━━━ Data records ━━━

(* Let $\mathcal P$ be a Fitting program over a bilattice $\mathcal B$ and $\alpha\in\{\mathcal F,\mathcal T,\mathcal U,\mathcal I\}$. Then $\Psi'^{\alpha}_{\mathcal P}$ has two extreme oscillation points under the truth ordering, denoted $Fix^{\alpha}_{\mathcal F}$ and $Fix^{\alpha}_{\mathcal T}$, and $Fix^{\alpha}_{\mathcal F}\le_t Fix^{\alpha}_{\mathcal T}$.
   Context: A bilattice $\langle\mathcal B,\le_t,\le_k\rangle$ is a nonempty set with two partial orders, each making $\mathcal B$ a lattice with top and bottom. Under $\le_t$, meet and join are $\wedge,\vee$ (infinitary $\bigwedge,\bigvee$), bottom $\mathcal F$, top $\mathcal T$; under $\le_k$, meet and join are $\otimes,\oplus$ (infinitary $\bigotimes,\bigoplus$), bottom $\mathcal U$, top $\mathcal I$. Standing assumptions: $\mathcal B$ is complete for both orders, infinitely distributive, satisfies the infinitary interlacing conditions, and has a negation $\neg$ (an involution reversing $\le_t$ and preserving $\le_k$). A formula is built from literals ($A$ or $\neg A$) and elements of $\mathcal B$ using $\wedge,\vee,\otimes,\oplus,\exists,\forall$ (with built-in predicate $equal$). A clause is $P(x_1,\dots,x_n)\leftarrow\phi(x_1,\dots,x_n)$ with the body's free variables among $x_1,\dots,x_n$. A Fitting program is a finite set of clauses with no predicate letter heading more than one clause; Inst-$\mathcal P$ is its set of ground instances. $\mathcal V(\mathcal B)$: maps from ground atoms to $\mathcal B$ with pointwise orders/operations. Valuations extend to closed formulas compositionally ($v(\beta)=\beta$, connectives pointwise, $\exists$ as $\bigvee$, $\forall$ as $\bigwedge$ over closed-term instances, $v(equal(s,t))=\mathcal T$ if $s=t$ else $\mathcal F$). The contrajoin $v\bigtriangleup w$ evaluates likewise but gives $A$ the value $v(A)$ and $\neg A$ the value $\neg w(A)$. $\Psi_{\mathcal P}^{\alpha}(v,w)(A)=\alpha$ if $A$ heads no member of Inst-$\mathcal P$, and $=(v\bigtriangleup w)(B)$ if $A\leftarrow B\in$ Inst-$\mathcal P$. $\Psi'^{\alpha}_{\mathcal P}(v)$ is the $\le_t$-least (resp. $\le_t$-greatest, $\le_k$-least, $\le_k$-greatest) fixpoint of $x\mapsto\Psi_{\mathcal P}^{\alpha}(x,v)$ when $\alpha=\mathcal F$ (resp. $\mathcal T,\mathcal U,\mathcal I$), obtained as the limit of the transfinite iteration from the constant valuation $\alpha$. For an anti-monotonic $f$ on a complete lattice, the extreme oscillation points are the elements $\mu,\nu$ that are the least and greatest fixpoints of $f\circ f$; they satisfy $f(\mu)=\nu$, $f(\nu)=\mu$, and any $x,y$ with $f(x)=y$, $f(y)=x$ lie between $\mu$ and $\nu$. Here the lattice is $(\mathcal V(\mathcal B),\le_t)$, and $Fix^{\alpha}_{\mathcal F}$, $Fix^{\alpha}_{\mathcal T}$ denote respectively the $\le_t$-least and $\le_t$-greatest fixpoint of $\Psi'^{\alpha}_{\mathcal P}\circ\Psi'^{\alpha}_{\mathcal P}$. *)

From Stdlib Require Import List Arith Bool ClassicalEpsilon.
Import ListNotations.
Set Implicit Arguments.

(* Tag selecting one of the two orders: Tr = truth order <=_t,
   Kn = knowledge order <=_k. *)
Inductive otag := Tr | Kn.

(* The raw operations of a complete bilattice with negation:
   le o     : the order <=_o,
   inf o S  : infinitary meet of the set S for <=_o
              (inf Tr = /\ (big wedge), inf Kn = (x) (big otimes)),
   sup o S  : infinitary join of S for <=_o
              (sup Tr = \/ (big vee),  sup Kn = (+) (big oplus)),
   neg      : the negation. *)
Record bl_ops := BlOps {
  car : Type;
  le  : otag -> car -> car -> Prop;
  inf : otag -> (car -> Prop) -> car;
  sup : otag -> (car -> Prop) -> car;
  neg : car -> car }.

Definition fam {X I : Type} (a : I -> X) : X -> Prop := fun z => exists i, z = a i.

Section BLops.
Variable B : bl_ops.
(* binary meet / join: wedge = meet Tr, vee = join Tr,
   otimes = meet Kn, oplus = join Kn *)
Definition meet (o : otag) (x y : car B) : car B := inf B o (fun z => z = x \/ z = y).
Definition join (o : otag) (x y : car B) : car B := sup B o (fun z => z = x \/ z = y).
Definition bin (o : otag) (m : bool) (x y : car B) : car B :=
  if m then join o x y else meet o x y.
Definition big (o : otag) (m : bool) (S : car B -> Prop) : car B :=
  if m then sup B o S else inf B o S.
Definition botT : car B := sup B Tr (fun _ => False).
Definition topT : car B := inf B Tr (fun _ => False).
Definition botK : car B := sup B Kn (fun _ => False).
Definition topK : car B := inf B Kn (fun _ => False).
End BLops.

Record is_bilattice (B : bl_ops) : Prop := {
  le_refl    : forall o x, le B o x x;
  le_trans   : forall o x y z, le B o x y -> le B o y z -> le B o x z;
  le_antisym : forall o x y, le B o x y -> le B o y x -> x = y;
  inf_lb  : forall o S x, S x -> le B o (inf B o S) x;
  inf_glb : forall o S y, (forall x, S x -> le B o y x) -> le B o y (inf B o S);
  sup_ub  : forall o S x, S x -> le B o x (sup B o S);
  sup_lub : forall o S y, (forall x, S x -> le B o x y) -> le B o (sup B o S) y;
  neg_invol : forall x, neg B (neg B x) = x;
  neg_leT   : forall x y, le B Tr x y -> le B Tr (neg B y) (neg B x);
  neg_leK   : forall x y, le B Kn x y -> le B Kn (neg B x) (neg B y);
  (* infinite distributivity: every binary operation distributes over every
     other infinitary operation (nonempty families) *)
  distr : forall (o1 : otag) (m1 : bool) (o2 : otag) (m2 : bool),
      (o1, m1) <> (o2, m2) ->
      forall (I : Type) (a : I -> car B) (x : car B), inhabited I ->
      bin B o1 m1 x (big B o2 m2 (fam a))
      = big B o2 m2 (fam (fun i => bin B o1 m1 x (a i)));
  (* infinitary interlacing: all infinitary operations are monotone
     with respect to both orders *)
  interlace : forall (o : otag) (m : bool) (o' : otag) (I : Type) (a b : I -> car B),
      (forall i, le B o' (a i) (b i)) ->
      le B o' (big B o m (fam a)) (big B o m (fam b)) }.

━━━
━━━ Data records ━━━

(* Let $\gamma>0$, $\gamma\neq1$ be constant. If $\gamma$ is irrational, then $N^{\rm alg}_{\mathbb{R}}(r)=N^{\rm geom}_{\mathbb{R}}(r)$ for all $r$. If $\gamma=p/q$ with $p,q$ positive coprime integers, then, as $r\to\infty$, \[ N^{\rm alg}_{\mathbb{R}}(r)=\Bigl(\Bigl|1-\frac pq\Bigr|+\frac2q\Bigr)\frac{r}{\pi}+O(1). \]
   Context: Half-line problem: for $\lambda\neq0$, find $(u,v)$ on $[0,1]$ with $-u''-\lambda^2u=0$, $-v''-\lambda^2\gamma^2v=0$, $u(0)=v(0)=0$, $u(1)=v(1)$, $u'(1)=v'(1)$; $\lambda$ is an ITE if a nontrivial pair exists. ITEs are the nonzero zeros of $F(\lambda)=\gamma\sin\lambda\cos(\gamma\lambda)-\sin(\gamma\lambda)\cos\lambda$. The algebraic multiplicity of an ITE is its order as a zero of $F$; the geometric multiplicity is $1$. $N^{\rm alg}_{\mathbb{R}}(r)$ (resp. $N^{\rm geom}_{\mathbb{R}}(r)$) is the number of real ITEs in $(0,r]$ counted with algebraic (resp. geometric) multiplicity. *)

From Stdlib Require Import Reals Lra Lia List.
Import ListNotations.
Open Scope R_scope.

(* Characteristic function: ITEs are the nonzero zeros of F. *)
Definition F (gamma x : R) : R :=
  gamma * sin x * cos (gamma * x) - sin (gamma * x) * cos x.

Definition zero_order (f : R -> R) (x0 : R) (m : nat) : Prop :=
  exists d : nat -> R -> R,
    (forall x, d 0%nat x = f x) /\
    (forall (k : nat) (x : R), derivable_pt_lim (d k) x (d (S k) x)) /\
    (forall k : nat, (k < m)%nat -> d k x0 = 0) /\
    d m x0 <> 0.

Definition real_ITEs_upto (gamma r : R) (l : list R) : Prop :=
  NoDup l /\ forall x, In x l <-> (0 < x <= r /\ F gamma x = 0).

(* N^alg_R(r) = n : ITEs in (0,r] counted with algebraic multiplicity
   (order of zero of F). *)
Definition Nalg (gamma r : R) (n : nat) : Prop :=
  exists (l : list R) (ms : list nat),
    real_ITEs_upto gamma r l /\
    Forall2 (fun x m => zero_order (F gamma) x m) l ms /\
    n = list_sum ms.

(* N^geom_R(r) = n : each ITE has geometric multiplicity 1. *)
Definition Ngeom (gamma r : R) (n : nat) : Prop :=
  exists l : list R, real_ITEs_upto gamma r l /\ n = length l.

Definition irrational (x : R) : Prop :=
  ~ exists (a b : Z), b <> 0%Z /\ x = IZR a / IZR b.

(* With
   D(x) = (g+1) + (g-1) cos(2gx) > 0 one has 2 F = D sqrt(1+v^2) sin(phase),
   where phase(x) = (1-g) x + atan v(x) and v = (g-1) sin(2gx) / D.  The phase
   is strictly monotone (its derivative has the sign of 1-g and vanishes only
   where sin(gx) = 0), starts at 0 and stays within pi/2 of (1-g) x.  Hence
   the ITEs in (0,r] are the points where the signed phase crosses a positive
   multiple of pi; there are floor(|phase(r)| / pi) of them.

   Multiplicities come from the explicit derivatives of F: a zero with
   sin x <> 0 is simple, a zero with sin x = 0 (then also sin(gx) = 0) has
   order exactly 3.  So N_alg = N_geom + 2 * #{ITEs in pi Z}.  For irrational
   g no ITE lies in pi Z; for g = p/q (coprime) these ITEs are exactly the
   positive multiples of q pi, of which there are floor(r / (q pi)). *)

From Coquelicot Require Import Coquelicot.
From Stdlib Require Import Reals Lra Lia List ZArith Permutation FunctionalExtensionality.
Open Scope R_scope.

━━━

Please return only the lines above, starting at the line that has "(* infinite distributivity: every" and ending at the line that has "le B o' (big", keeping both and leaving each one unchanged.

_Solution for this exercise_:
  (* infinite distributivity: every binary operation distributes over every
     other infinitary operation (nonempty families) *)
  distr : forall (o1 : otag) (m1 : bool) (o2 : otag) (m2 : bool),
      (o1, m1) <> (o2, m2) ->
      forall (I : Type) (a : I -> car B) (x : car B), inhabited I ->
      bin B o1 m1 x (big B o2 m2 (fam a))
      = big B o2 m2 (fam (fun i => bin B o1 m1 x (a i)));
  (* infinitary interlacing: all infinitary operations are monotone
     with respect to both orders *)
  interlace : forall (o : otag) (m : bool) (o' : otag) (I : Type) (a b : I -> car B),
      (forall i, le B o' (a i) (b i)) ->
      le B o' (big B o m (fam a)) (big B o m (fam b)) }.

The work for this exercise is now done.